# What's some companies' neck tags?



## as2013 (Jul 29, 2013)

I started a thread over the weekendhttp://www.t-shirtforums.com/t-shirt-tag-relabeling-finishing/t406017.html#post2272201 and had gotten some questions answered but was hoping to get this final one answered:

I am curious to know that if there are certain requirements for what info NEEDS to be in the neckline, how is it that some companies get away with very minimal info there (say brand, size and maybe fiber content and country of origin) when everything else (washing instructions etc) is on a tag sewn into the side seam?

I have first hand examples of this.
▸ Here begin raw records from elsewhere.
Lemma val_iB : val iB = 1%N. Proof. by rewrite /iB /= inordK. Qed.
Lemma val_iE : val iE = 2%N. Proof. by rewrite /iE /= inordK. Qed.

Local Notation c := (pi * expR 1).

(* Splitting [rho] into real and imaginary parts makes [Re] of each determinant
   a polynomial identity. *)
Local Ltac hX_by_det :=
  rewrite hX_cov /= ?val_iB ?val_iE ?det_mx11 ?det_mx2 ?det_mx3 /cov_at ?mxE /=;
  congr (log2 (_ * _)); case: rho => u v;
  rewrite /cmod ?sqr_sqrtr ?addr_ge0 ?sqr_ge0 //=; ring.

Lemma hX_A : hX K [:: iA] = log2 (c * (p + sA)).
Proof. hX_by_det. Qed.
Lemma hX_B : hX K [:: iB] = log2 (c * (p + sB)).
Proof. hX_by_det. Qed.
Lemma hX_E : hX K [:: iE] = log2 (c * (p + sE)).
Proof. hX_by_det. Qed.
Lemma hX_AB : hX K [:: iA; iB] = log2 (c ^+ 2 * ((p + sA) * (p + sB) - p * p)).
Proof. hX_by_det. Qed.
Lemma hX_AE : hX K [:: iA; iE] = log2 (c ^+ 2 * ((p + sA) * (p + sE) - p * p * t)).
Proof. hX_by_det. Qed.
Lemma hX_BE : hX K [:: iB; iE] = log2 (c ^+ 2 * ((p + sB) * (p + sE) - p * p * t)).
Proof. hX_by_det. Qed.
Lemma hX_ABE : hX K [:: iA; iB; iE] =
  log2 (c ^+ 3 * ((p + sE) * ((p + sA) * (p + sB) - p * p) - p * p * t * (sA + sB))).
Proof. hX_by_det. Qed.

End ObservationEntropies.

Section Log2Estimates.
Variable R : realType.
Implicit Types x y z w c h G s l u T v e : R.

Lemma log2M x y : 0 < x -> 0 < y -> log2 (x * y) = log2 x + log2 y.
Proof. by move=> x0 y0; rewrite /log2 lnM ?posrE // mulrDl. Qed.

Lemma log2V x : 0 < x -> log2 x^-1 = - log2 x.
Proof. by move=> x0; rewrite /log2 lnV ?posrE // mulNr. Qed.

Lemma MI_const_cancel c x y z : 0 < c -> 0 < x -> 0 < y -> 0 < z ->
  log2 (c * x) + log2 (c * y) - log2 (c ^+ 2 * z) = log2 x + log2 y - log2 z.
Proof.
move=> c0 x0 y0 z0; rewrite !log2M ?mulr_gt0 //; lra.
Qed.

Lemma CMI_const_cancel c x y z w : 0 < c -> 0 < x -> 0 < y -> 0 < z -> 0 < w ->
  log2 (c ^+ 2 * x) + log2 (c ^+ 2 * y) - log2 (c * z) - log2 (c ^+ 3 * w)
  = log2 x + log2 y - log2 z - log2 w.
Proof.
move=> c0 x0 y0 z0 w0; rewrite !log2M ?mulr_gt0 //; lra.
Qed.

Definition log2_incr x h := log2 (x + h) - log2 x.

Lemma log2_incr_bound x h G s : 0 < x -> 0 <= h <= G * s ->
  0 <= log2_incr x h <= G / (x * ln 2) * s.
Proof.
move=> x0 /andP[h0 hG].
have l2 : 0 < ln (2 : R) by apply: ln_gt0; lra.
have -> : log2_incr x h = ln (1 + h / x) / ln 2.
  rewrite /log2_incr /log2 -mulrBl -ln_div ?posrE ?ltr_wpDr //.
  by congr (ln _ / _); field; rewrite gt_eqF.
have hx : 0 <= h / x by rewrite divr_ge0 // ltW.
apply/andP; split; first by rewrite divr_ge0 ?(ltW l2) // ln_ge0 // lerDl.
rewrite ler_pdivrMr //; apply: (le_trans (le_ln1Dx _)); first lra.
rewrite [X in _ <= X](_ : _ = G * s / x); last by field; rewrite !gt_eqF.
by rewrite ler_pM2r ?invr_gt0.
Qed.

Lemma norm_sandwich l c u T e : l <= c <= u ->
  `|l - T| <= e -> `|u - T| <= e -> `|c - T| <= e.
Proof. by move=> /andP[lc cu]; rewrite !ler_norml => /andP[? ?] /andP[? ?]; lra. Qed.

Lemma min_shift_bounds T v x y z w e : 0 <= v ->
  `|x| <= e -> `|y| <= e -> `|z| <= e -> `|w| <= e ->
  (`|T + v + x - Num.min (v + y) (v + z) - T| <= 2 * e) /\
  (`|Num.min (T + v + x) (T + w) - T| <= 2 * e).
Proof.
move=> v0; rewrite !ler_norml => /andP[? ?] /andP[? ?] /andP[? ?] /andP[? ?].
by case: (ltP (v + y) (v + z)) => ?; case: (ltP (T + v + x) (T + w)) => ?;
  split; apply/andP; split; lra.
Qed.
End Log2Estimates.

Section HighSNR.
Variables (R : realType) (p a b : R) (rho : R[i]).
Hypotheses (p_gt0 : 0 < p) (a_gt0 : 0 < a) (b_gt0 : 0 < b) (rho_lt1 : cmod rho < 1).
Local Notation t := (cmod rho ^+ 2).
Local Notation K s := (cov_obs p rho s (a * s) (b * s)).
These are the ones I found in mine and my wife's closet:

C9 (Target)
Merona (Target)
Old Navy
Gear for Sports (an Anaheim Angels Shirt my wife has)
Asics
Caslon (a Nordstroms brand for women)
Mighty Fine (for "Disney Couture")
Pink (Victoria's Secret)

But other companies (Disneyland Resort, DC comics, Majestic etc) full comply? i.e. have all the info right there in the neckline.


----------



## NeonTees (Apr 25, 2010)

http://www.business.ftc.gov/documen...ling-requirements-under-textile-and-wool-acts

More information than you will ever want to know...


----------



## kimura-mma (Jul 26, 2008)

The FTC requires certain info to be in the neckline for the purpose of getting through US Customs. Once the garment is in the US, it can be replaced on a tag elsewhere in the garment. It is perfectly legal for the tags to be in the side seam.


----------



## as2013 (Jul 29, 2013)

kimura-mma said:


> The FTC requires certain info to be in the neckline for the purpose of getting through US Customs. Once the garment is in the US, it can be replaced on a tag elsewhere in the garment. It is perfectly legal for the tags to be in the side seam.


cool! thanks for the info!


----------